Problem 10.1

Given the primary normal stresses \(\sigma_1 \) and \( \sigma_3 \) determine the Normal and Shear streee on a fault plane that strikes along \(\sigma_2\) and dips at an angle

The direction of \(\sigma_2\) is usually along the fault plane

\( \sigma_1 \) is vertical (as stated in the problem)

\( \sigma_3 \) is horizontal (as stated in the problem)

\(\theta \) is the angle from the horizontal (same as the dip) for *this* problem. See figure P10.1 for help.
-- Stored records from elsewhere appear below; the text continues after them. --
Lemma sqnormZ (r : R) v : sqnorm (r%:C%C *: v) = r ^+ 2 * sqnorm v.
Proof. by rewrite /sqnorm innerZl innerZr conj_real mulrA -rmorphM Re_realM expr2. Qed.

Lemma normc_coord_le_sqnorm v i : normc (v i 0) ^+ 2 <= sqnorm v.
Proof. by rewrite sqnormE (bigD1 i) //= lerDl sumr_ge0 // => j _; rewrite sqr_ge0. Qed.
End InnerProduct.

Section Covariance.
Variables (R : realType) (n m : nat).
Variables (a : 'I_m -> 'cV[R[i]]_n) (d : 'I_m -> R).

Definition covmx (beta : R) : 'M[R[i]]_n :=
  \sum_(j < m) ((d j)%:C%C *: (a j *m adjmx (a j))) + (beta%:C%C)%:M.

Lemma covmx_mulmx beta v : covmx beta *m v =
  \sum_j ((d j)%:C%C * inner (a j) v) *: a j + beta%:C%C *: v.
Proof.
rewrite mulmxDl mulmx_suml mul_scalar_mx; congr (_ + _).
apply: eq_bigr => j _; rewrite -scalemxAl -mulmxA [adjmx _ *m _]mx11_scalar.
by rewrite adjmx_mulE mul_mx_scalar scalerA.
Qed.

Lemma inner_covmx_sym beta u v :
  inner u (covmx beta *m v) = inner (covmx beta *m u) v.
Proof.
rewrite !covmx_mulmx innerDr innerDl inner_sumr inner_suml innerZr innerZl.
rewrite conj_real; congr (_ + _); apply: eq_bigr => j _.
rewrite innerZr innerZl rmorphM /= conj_real -mulrA mulrC.
by rewrite [inner u _]inner_conj mulrAC [RHS]mulrC mulrA.
Qed.

Lemma Re_inner_covmx beta y : complex.Re (inner y (covmx beta *m y)) =
  \sum_j d j * normc (inner (a j) y) ^+ 2 + beta * sqnorm y.
Proof.
rewrite covmx_mulmx innerDr inner_sumr innerZr Re_add Re_sum Re_realM.
congr (_ + _); apply: eq_bigr => j _.
by rewrite innerZr [inner y _]inner_conj mulrAC -mulrA Re_realM Re_conjM.
Qed.

Lemma Re_inner_covmx_le beta1 beta2 y : beta1 <= beta2 ->
  complex.Re (inner y (covmx beta1 *m y)) <= complex.Re (inner y (covmx beta2 *m y)).
Proof. by move=> le12; rewrite !Re_inner_covmx lerD2l ler_wpM2r ?sqnorm_ge0. Qed.

Hypothesis d_ge0 : forall j, 0 <= d j.

Lemma Re_inner_covmx_ge beta y : 0 <= beta ->
  beta * sqnorm y <= complex.Re (inner y (covmx beta *m y)).
Proof.
move=> beta0; rewrite Re_inner_covmx lerDr sumr_ge0 // => j _.
by rewrite mulr_ge0 // sqr_ge0.
Qed.

Lemma covmx_unit beta : 0 < beta -> covmx beta \in unitmx.
Proof.
move=> beta0; rewrite unitmxE unitfE -det_tr; apply/negP => /det0P [v v0 vM].
have Mv : covmx beta *m v^T = 0 by rewrite -[covmx beta]trmxK -trmx_mul vM trmx0.
have := Re_inner_covmx_ge (v^T) (ltW beta0).
rewrite Mv /inner big1 => [|i _]; last by rewrite !mxE mulr0.
rewrite pmulr_rle0 // => vle0.
have /sqnorm_eq0/(congr1 trmx) : sqnorm v^T = 0 by apply/le_anti; rewrite vle0 sqnorm_ge0.
by rewrite trmxK trmx0 => /eqP; rewrite (negPf v0).
Qed.
End Covariance.

Section Cost.
Variables (R : realType) (n m : nat) (x : 'cV[R[i]]_n).
Variables (a : 'I_m -> 'cV[R[i]]_n) (d : 'I_m -> R).
Hypothesis d_gt0 : forall j, 0 < d j.
Let d_ge0 j : 0 <= d j. Proof. exact: ltW. Qed.

Definition cov_solve beta := invmx (covmx a d beta) *m x.

Definition cov_quad beta := complex.Re (inner x (cov_solve beta)).

Definition cov_coef beta j := (d j)%:C%C * inner (a j) (cov_solve beta).

Lemma covmx_solve beta : 0 < beta -> covmx a d beta *m cov_solve beta = x.
Proof. by move=> beta0; rewrite mulKVmx // covmx_unit. Qed.

Lemma LcostE beta : Lcost x a d beta = 2^-1 * (\sum_j d j) + 2^-1 * cov_quad beta.
Proof. by rewrite /Lcost -mulmxA adjmx_mulE. Qed.

Lemma cov_quadE beta : 0 < beta ->
  cov_quad beta = complex.Re (inner (cov_solve beta) (covmx a d beta *m cov_solve beta)).
Proof. by move=> beta0; rewrite /cov_quad -[in LHS](covmx_solve beta0) inner_covmx_sym. Qed.

Lemma Re_inner_cov_solve beta : complex.Re (inner (cov_solve beta) x) = cov_quad beta.
Proof. by rewrite inner_conj Re_conj. Qed.

(* [cov_quad] is the maximum of the concave form [z |-> 2 Re z^H x - z^H M z]. *)
Lemma cov_quad_ge beta z : 0 < beta ->
  2 * complex.Re (inner z x) - complex.Re (inner z (covmx a d beta *m z)) <= cov_quad beta.
Proof.
move=> beta0; set y := cov_solve beta.
have := Re_inner_covmx_ge a d_ge0 (z - y) (ltW beta0).
rewrite mulmxBr covmx_solve // innerBl !innerBr [inner y (_ *m z)]inner_covmx_sym.
rewrite covmx_solve // [inner x z]inner_conj !(Re_add, Re_opp, Re_conj).
rewrite Re_inner_cov_solve.
have := mulr_ge0 (ltW beta0) (sqnorm_ge0 (z - y)); lra.
Qed.

Lemma cov_quad_le beta1 beta2 : 0 < beta1 -> beta1 <= beta2 ->
  cov_quad beta2 <= cov_quad beta1.
Proof.
move=> beta10 le12; set y := cov_solve beta2.
apply: le_trans (cov_quad_ge y beta10).
rewrite Re_inner_cov_solve mulr_natl mulr2n -addrA lerDl subr_ge0 cov_quadE.
  exact: Re_inner_covmx_le.
exact: lt_le_trans le12.
Qed.

Lemma le_Lcost beta1 beta2 : 0 < beta1 -> beta1 <= beta2 ->
  Lcost x a d beta2 <= Lcost x a d beta1.
Proof.
move=> beta10 le12; rewrite !LcostE lerD2l.
by apply: ler_wpM2l; [rewrite invr_ge0 ler0n | exact: cov_quad_le].
Qed.

Lemma Lcost_ge_residual beta : 0 < beta ->
  \sum_j normc (cov_coef beta j) + sqnorm (x - \sum_j cov_coef beta j *: a j) / (2 * beta)
  <= Lcost x a d beta.
Proof.
move=> beta0; set y := cov_solve beta.
have -> : x - \sum_j cov_coef beta j *: a j = beta%:C%C *: y.
  by rewrite -{1}(covmx_solve beta0) covmx_mulmx addrAC subrr add0r.
rewrite sqnormZ LcostE cov_quadE // Re_inner_covmx.
have -> : beta ^+ 2 * sqnorm y / (2 * beta) = 2^-1 * (beta * sqnorm y).
  by field; rewrite gt_eqF.
rewrite mulrDr addrA lerD2r -mulrDr -big_split /= mulr_sumr.
apply: ler_sum => j _; rewrite /cov_coef normcM normc_real ger0_norm //.
set w := normc _; rewrite -subr_ge0.
have -> : 2^-1 * (d j + d j * w ^+ 2) - d j * w = 2^-1 * (d j * (w - 1) ^+ 2).
  by field.
by rewrite mulr_ge0 ?invr_ge0 ?ler0n // mulr_ge0 // sqr_ge0.
Qed.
\(\sigma_n = \dfrac{\sigma_1 + \sigma_3}{2} + \dfrac{\sigma_1 - \sigma_3}{2} \cos (2\theta)\)

\(\sigma_s = \dfrac{\sigma_1 - \sigma_3}{2} \sin (2\theta)\)

Problem 10.2

Plot the normal and shear stress on the graph provided in P10.1

Plot the Mohr Circle with \( \sigma_1 = 100 MPa\) and \( \sigma_3 = 20 MPa\)

Problem 10.3

This is similar to Problem 10.1 with different normal stress values and fault dip

Problem 10.5

  1. Plot the experiments.
  2. Draw the failure envelope. It is a straight line that touches all experiments at a single point
  3. Meausure the slope of the line or angle of internal friction, \(\phi\).
  4. Convert \(\phi\) to the columb coefficient, \(\mu\) using \(\mu = \tan \phi\)
  5. Finally, determine the angle of fracture plane with: $$\theta = 45^\circ + \frac{\phi}{2}$$

Problem 10.9

Oh that is a lot of text

Plot the Mohr Circle for the regional stress state \( \sigma_1 = 10 Mpa \) and \( \sigma_3 = 6 MPa \)

Draw a Failure envelope with \( \mu = 0.4 \) (the slope) and a Cohesion \( C = 0 \)

\( \sigma_s = \mu \sigma_1 + C \) (form of \( y= mx + b \) )

Shift the Mohr circle until it intersects with the Failure envelope. This is the same as increasing the pore fluid pressure or subtracting some pressure from the normal stresses

How far you moved the circle is the Pore fluid pressure